# Hacking heritage: Day 3, Morning

The GitHub repository with all the notebooks and course materials is here: 

https://github.com/wragge/hackingheritage2020 

Feel free to use and share.

As I mentioned, the JupyterHub server and Slack workspace we've been using will stay accessible for at least a month, so you can continue to work on your projects and chat with each other.

There are instructions below for saving your work into your own GitHub account.

## Possible projects for today

* Continue working through the 'Zoom in' exercise from [yesterday morning](Day2-Morning.ipynb), harvesting datasets of newspaper articles and analysing the results (leave out the Datasette step)

* Explore datasets in the CSV Explorer and document your findings in a notebook (or even just a Google doc). What fields do they contain? What is the range of data? Note that you can save any of the charts in the CSV Explorer as images.

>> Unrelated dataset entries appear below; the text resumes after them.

Lemma near_bound a b : 0 < a <= b -> b <= s / 2 ->
  Rabs (RInt integrand a b) <= near_const * Rpower b (2 - 2 * alpha).
Proof.
  intros Hab Hb; set (M := 2 * beta * (beta + 1) * Rpower (s / 2) (- beta - 2)).
  assert (HM : 0 <= M) by (unfold M; pose proof (Rpower_pos (s / 2) (- beta - 2));
                           repeat apply Rmult_le_pos; lra).
  eapply Rle_trans.
  - apply (abs_RInt_le_dominated integrand (fun t => M * Rpower t (1 - 2 * alpha)) a b
      (M * ((Rpower b (1 - 2 * alpha + 1) - Rpower a (1 - 2 * alpha + 1)) / (1 - 2 * alpha + 1))));
      [lra | apply integrand_ex; lra | apply is_RInt_scal_R, is_RInt_Rpower; lra|].
    intros t Ht; rewrite integrand_eq, Rabs_mult, (Rabs_right (Rpower t _))
      by (left; apply Rpower_pos).
    apply Rle_trans with (M * t ^ 2 * Rpower t (- (1 + 2 * alpha))).
    + apply Rmult_le_compat_r; [left; apply Rpower_pos|]; apply sdiff_near_zero; lra.
    + right; rewrite Rmult_assoc; f_equal.
      rewrite <- Rpower_pow, <- Rpower_plus by lra; f_equal; simpl; ring.
  - replace (1 - 2 * alpha + 1) with (2 - 2 * alpha) by ring.
    pose proof (Rpower_pos a (2 - 2 * alpha)); pose proof (Rpower_pos b (2 - 2 * alpha)).
    unfold near_const; fold M; unfold Rdiv.
    assert (0 < / (2 - 2 * alpha)) by (apply Rinv_0_lt_compat; lra).
    assert (0 <= M * / (2 - 2 * alpha) * Rpower a (2 - 2 * alpha))
      by (apply Rmult_le_pos; [apply Rmult_le_pos|]; lra).
    lra.
Qed.

Lemma near_cauchy a b : 0 < a <= s / 2 -> 0 < b <= s / 2 ->
  Rabs (RInt integrand a b)
    <= near_const * Rpower a (2 - 2 * alpha) + near_const * Rpower b (2 - 2 * alpha).
Proof.
  apply (abs_RInt_le_unordered integrand (fun u => 0 < u <= s / 2)
           (fun u => near_const * Rpower u (2 - 2 * alpha))).
  - intros u v Hu Hv; apply integrand_ex; lra.
  - intros u v Hu Hv Huv; pose proof (near_bound u v ltac:(lra) ltac:(lra)).
    pose proof near_const_nonneg; pose proof (Rpower_pos u (2 - 2 * alpha)); nra.
Qed.

(* Away from [0], [|sdiff| <= 2] and [t^(-1-2α)] is integrable at infinity. *)
Lemma tail_bound a b : 0 < a <= b ->
  Rabs (RInt integrand a b) <= / alpha * Rpower a (- (2 * alpha)).
Proof.
  intros Hab; eapply Rle_trans.
  - apply (abs_RInt_le_dominated integrand (fun t => 2 * Rpower t (- (1 + 2 * alpha))) a b
      (2 * ((Rpower b (- (1 + 2 * alpha) + 1) - Rpower a (- (1 + 2 * alpha) + 1))
            / (- (1 + 2 * alpha) + 1))));
      [lra | apply integrand_ex; lra | apply is_RInt_scal_R, is_RInt_Rpower; lra|].
    intros t Ht; rewrite integrand_eq, Rabs_mult, (Rabs_right (Rpower t _))
      by (left; apply Rpower_pos).
    apply Rmult_le_compat_r; [left; apply Rpower_pos | apply sdiff_abs].
  - replace (- (1 + 2 * alpha) + 1) with (- (2 * alpha)) by ring.
    pose proof (Rpower_pos b (- (2 * alpha))); pose proof (Rpower_pos a (- (2 * alpha))).
    apply Rle_trans with (2 * (Rpower a (- (2 * alpha)) / (2 * alpha))); [|right; field; lra].
    apply Rmult_le_compat_l; [lra|].
    unfold Rdiv; replace (/ - (2 * alpha)) with (- / (2 * alpha)) by (field; lra).
    assert (0 < / (2 * alpha)) by (apply Rinv_0_lt_compat; lra); nra.
Qed.

Lemma tail_cauchy a b : 0 < a -> 0 < b ->
  Rabs (RInt integrand a b) <= / alpha * Rpower a (- (2 * alpha)) + / alpha * Rpower b (- (2 * alpha)).
Proof.
  revert a b; apply (abs_RInt_le_unordered integrand (fun u => 0 < u)
           (fun u => / alpha * Rpower u (- (2 * alpha)))).
  - intros u v Hu Hv; apply integrand_ex; lra.
  - intros u v Hu Hv Huv; pose proof (tail_bound u v ltac:(lra)).
    assert (0 < / alpha) by (apply Rinv_0_lt_compat; lra).
    pose proof (Rpower_pos v (- (2 * alpha))); nra.
Qed.

Definition rate := Rpower (s / 2) (- (beta + 2 * alpha)).

(* On [[s, ∞)], [φ(-s+t) = 1], so [integrand t + t^(-1-2α)] is [O(s^(-β) t^(-1-2α))]. *)
Lemma far_bound r : s <= r ->
  Rabs (RInt integrand s r + (Rpower s (- (2 * alpha)) - Rpower r (- (2 * alpha))) / (2 * alpha))
    <= / alpha * rate.
Proof.
  intros Hr; set (pw := fun t => Rpower t (- (1 + 2 * alpha))).
  assert (Ipw : is_RInt pw s r ((Rpower r (- (2 * alpha)) - Rpower s (- (2 * alpha))) / (- (2 * alpha))))
    by (replace (- (2 * alpha)) with (- (1 + 2 * alpha) + 1) by ring; apply is_RInt_Rpower; lra).
  replace (RInt integrand s r + (Rpower s (- (2 * alpha)) - Rpower r (- (2 * alpha))) / (2 * alpha))
    with (RInt (fun t => integrand t + pw t) s r).
  2:{ rewrite RInt_plus_R, (is_RInt_unique pw s r _ Ipw); [|apply integrand_ex; lra | eexists; eauto].
      match goal with |- ?a = ?b => change (@eq R a b) end; field; lra. }
  pose proof (Rpower_pos s (- beta)).
  eapply Rle_trans.
  - apply (abs_RInt_le_dominated _ (fun t => (2 * Rpower s (- beta)) * pw t) s r
      ((2 * Rpower s (- beta)) * ((Rpower r (- (2 * alpha)) - Rpower s (- (2 * alpha))) / (- (2 * alpha)))));
      [lra | apply (ex_RInt_plus (V := R_CompleteNormedModule)); [apply integrand_ex; lra | eexists; eauto]
      | apply is_RInt_scal_R; auto |].
    intros t Ht; rewrite integrand_eq; unfold pw.
    replace (sdiff t * Rpower t (- (1 + 2 * alpha)) + Rpower t (- (1 + 2 * alpha)))
      with ((2 * phi beta (- s) - phi beta (- s - t)) * Rpower t (- (1 + 2 * alpha)))
      by (unfold sdiff; rewrite (phi_ge beta (- s + t)) by lra; ring).
    rewrite Rabs_mult, (Rabs_right (Rpower t _)) by (left; apply Rpower_pos).
    apply Rmult_le_compat_r; [left; apply Rpower_pos | apply sdiff_left_part; lra].
  - pose proof (Rpower_pos r (- (2 * alpha))); pose proof (Rpower_pos s (- (2 * alpha))).
    assert (Hs : Rpower s (- beta) * Rpower s (- (2 * alpha)) <= rate).
    { rewrite <- Rpower_plus; unfold rate; replace (- beta + - (2 * alpha)) with (- (beta + 2 * alpha)) by ring.
      apply Rpower_le_base_nonpos; lra. }
    apply Rle_trans with (/ alpha * (Rpower s (- beta) * Rpower s (- (2 * alpha))));
      [|apply Rmult_le_compat_l; [left; apply Rinv_0_lt_compat; lra | exact Hs]].
    assert (Hk : 2 * Rpower s (- beta) / (2 * alpha) = / alpha * Rpower s (- beta)) by (field; lra).
    assert (0 < / alpha * Rpower s (- beta)) by (apply Rmult_lt_0_compat; [apply Rinv_0_lt_compat|]; lra).
    replace (2 * Rpower s (- beta) * ((Rpower r (- (2 * alpha)) - Rpower s (- (2 * alpha))) / - (2 * alpha)))
      with (/ alpha * Rpower s (- beta) * (Rpower s (- (2 * alpha)) - Rpower r (- (2 * alpha))))
      by (field; lra).
    nra.
Qed.

(* On [[s/2, s-1]], the kernel is [O(s^(-1-2α))] and [φ(-s+t) <= (s-t)^(-β)] is integrable. *)
Lemma middle_bound : Rabs (RInt integrand (s / 2) (s - 1)) <= (2 + 1 / (1 - beta)) * rate.
Proof.
  set (P := Rpower (s / 2) (- (1 + 2 * alpha))).
  assert (HP : 0 < P) by apply Rpower_pos.
  pose proof (Rpower_pos s (- beta)) as Hsb.
  eapply Rle_trans.
  - apply (abs_RInt_le_dominated integrand
      (fun t => 2 * Rpower s (- beta) * P + P * Rpower (s - t) (- beta)) (s / 2) (s - 1)
      ((s - 1 - s / 2) * (2 * Rpower s (- beta) * P) +
       P * ((Rpower (s - s / 2) (1 - beta) - Rpower (s - (s - 1)) (1 - beta)) / (1 - beta))));
      [lra | apply integrand_ex; lra | |].
    + apply (is_RInt_plus (V := R_CompleteNormedModule));
        [apply (is_RInt_const (V := R_CompleteNormedModule))|].
      apply is_RInt_scal_R, is_RInt_Rpower_reflected; lra.
    + intros t Ht; rewrite integrand_eq, Rabs_mult, (Rabs_right (Rpower t _))
        by (left; apply Rpower_pos).
      assert (Rpower t (- (1 + 2 * alpha)) <= P) by (apply Rpower_le_base_nonpos; lra).
      pose proof (sdiff_middle t ltac:(lra)); pose proof (Rpower_pos (s - t) (- beta)).
      apply Rle_trans with ((2 * Rpower s (- beta) + Rpower (s - t) (- beta)) * P); [|right; ring].
      apply Rmult_le_compat; auto; [apply Rabs_pos | left; apply Rpower_pos].
  - replace (s - s / 2) with (s / 2) by field; replace (s - (s - 1)) with 1 by ring.
    rewrite Rpower_1_base.
    assert (Rpower s (- beta) <= Rpower (s / 2) (- beta)) by (apply Rpower_le_base_nonpos; lra).
    assert (E1 : Rpower (s / 2) (- beta) * P * (s / 2) = rate).
    { unfold P, rate; rewrite <- (Rpower_1 (s / 2)) at 3 by lra; rewrite <- !Rpower_plus.
      f_equal; ring. }
    assert (E2 : P * Rpower (s / 2) (1 - beta) = rate).
    { unfold P, rate; rewrite <- Rpower_plus; f_equal; ring. }
    pose proof (Rpower_pos (s / 2) (1 - beta)).
    assert (T1 : (s - 1 - s / 2) * (2 * Rpower s (- beta) * P) <= 2 * rate).
    { rewrite <- E1; apply Rle_trans with (s / 2 * (2 * Rpower s (- beta) * P)).
      - apply Rmult_le_compat_r; [|lra]; apply Rmult_le_pos; lra.
      - assert (Rpower s (- beta) * P <= Rpower (s / 2) (- beta) * P)
          by (apply Rmult_le_compat_r; lra).
        nra. }
    assert (T2 : P * ((Rpower (s / 2) (1 - beta) - 1) / (1 - beta)) <= rate / (1 - beta)).
    { rewrite <- E2; unfold Rdiv; assert (0 < / (1 - beta)) by (apply Rinv_0_lt_compat; lra); nra. }
    unfold Rdiv in *; lra.
Qed.

Lemma edge_bound : Rabs (RInt integrand (s - 1) s) <= 2 * rate.
Proof.
  eapply Rle_trans.
  - apply (abs_RInt_le_const integrand (s - 1) s (2 * Rpower (s / 2) (- (1 + 2 * alpha))));
      [lra | apply integrand_ex; lra|].
    intros t Ht; rewrite integrand_eq, Rabs_mult, (Rabs_right (Rpower t _))
      by (left; apply Rpower_pos).
    apply Rmult_le_compat; [apply Rabs_pos | left; apply Rpower_pos | apply sdiff_abs|].
    apply Rpower_le_base_nonpos; lra.
  - assert (Rpower (s / 2) (- (1 + 2 * alpha)) <= rate) by (apply Rle_Rpower; lra).
    replace (s - (s - 1)) with 1 by ring; lra.
Qed.

Definition asymptotic_const :=
  2 * beta * (beta + 1) / (2 - 2 * alpha) + (2 + 1 / (1 - beta)) + 2 + 1 / alpha.

Lemma truncated_bound e r : 0 < e <= s / 2 -> s <= r ->
  Rabs (RInt integrand e r + Rpower s (- (2 * alpha)) / (2 * alpha))
    <= asymptotic_const * rate + / (2 * alpha) * Rpower r (- (2 * alpha)).
Proof.
  intros He Hr.
  assert (Esplit : RInt integrand e r = RInt integrand e (s / 2) + RInt integrand (s / 2) (s - 1)
                     + RInt integrand (s - 1) s + RInt integrand s r).
  { rewrite !Rplus_assoc, (RInt_Chasles_R integrand (s - 1) s r),
      (RInt_Chasles_R integrand (s / 2) (s - 1) r), (RInt_Chasles_R integrand e (s / 2) r);
      auto; apply integrand_ex; lra. }
  pose proof (near_bound e (s / 2) ltac:(lra) ltac:(lra)) as HA.
  replace (near_const * Rpower (s / 2) (2 - 2 * alpha))
    with (2 * beta * (beta + 1) / (2 - 2 * alpha) * rate) in HA.
  2:{ unfold near_const, rate, Rdiv.
      replace (- (beta + 2 * alpha)) with ((- beta - 2) + (2 - 2 * alpha)) by ring.
      rewrite Rpower_plus; ring. }
  pose proof middle_bound; pose proof edge_bound; pose proof (far_bound r Hr).
  pose proof (Rpower_pos r (- (2 * alpha))).
  assert (0 < / (2 * alpha) * Rpower r (- (2 * alpha)))
    by (apply Rmult_lt_0_compat; [apply Rinv_0_lt_compat; lra | auto]).
  rewrite Esplit.
  set (A := RInt integrand e (s / 2)) in *; set (B1 := RInt integrand (s / 2) (s - 1)) in *;
    set (B2 := RInt integrand (s - 1) s) in *; set (B3 := RInt integrand s r) in *.
  set (B3' := B3 + (Rpower s (- (2 * alpha)) - Rpower r (- (2 * alpha))) / (2 * alpha)) in *.
  replace (A + B1 + B2 + B3 + Rpower s (- (2 * alpha)) / (2 * alpha))
    with (A + B1 + B2 + B3' + / (2 * alpha) * Rpower r (- (2 * alpha))) by (unfold B3'; field; lra).
  pose proof (Rabs_triang (A + B1 + B2 + B3') (/ (2 * alpha) * Rpower r (- (2 * alpha)))).
  pose proof (Rabs_triang (A + B1 + B2) B3'); pose proof (Rabs_triang (A + B1) B2);
    pose proof (Rabs_triang A B1).
  rewrite (Rabs_right (/ (2 * alpha) * Rpower r (- (2 * alpha)))) in * by lra.
  unfold asymptotic_const; unfold Rdiv in *; lra.
Qed.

* Try [harvesting the results of a search](../recordsearch/harvesting_items_from_a_search.ipynb) from the National Archives' [RecordSearch](http://recordsearch.naa.gov.au/) database. Save the results as a CSV file, then try uploading the CSV to the CSV Explorer.

* Create a dataset of images – [front covers from journals in Trove](../trove-journals/Get-page-images-from-a-Trove-journal.ipynb)? (browse a [list of the journals](https://trove-titles.herokuapp.com/) here); or [ephemera](../building-blocks/harvesting_ephemera.ipynb) in Trove (posters and such like)

* Create a list of interesting items using the Trove web interface, and then [convert that list to CSV files](../trove-lists/Convert-a-Trove-list-into-a-CSV-file.ipynb) for further analysis.

* Try [harvesting a collection of politicians' press releases and interviews](../trove-journals/Harvest-parliament-press-releases.ipynb) from the Parliamentary Library (via Trove). Save the results as a CSV and upload to the CSV Explorer.

* Compare results of searches in Trove using QueryPic with [visualisations of searches in Papers Past (NZ)](../digitalnz/Visualise-a-search-in-PapersPast.ipynb). Document the results.

* Using the [notebook to analyse Hansard by year and house](../australian-commonwealth-hansard/convert-a-year-to-dataframe.ipynb), create a document compiling data across a number of years.

### Some general hints

* Google is a coder's most import tool – google your error messages! Someone on Stack Overflow has probably already solved your problem.

* Go to the documentation! I always have a tab open for Pandas because I can never remember specific commands, and the same often goes for basic Python functions.

* Let me know if you get any ImportErrors – I might need to install something on the server.


## Saving your work

There's a couple of ways you can save the notebooks and datasets you've been using on this JupyterHub server. The simplest is to simply right-click on any of the files you want to save in the files explorer, and choose the 'Download' option. They'll then be saved.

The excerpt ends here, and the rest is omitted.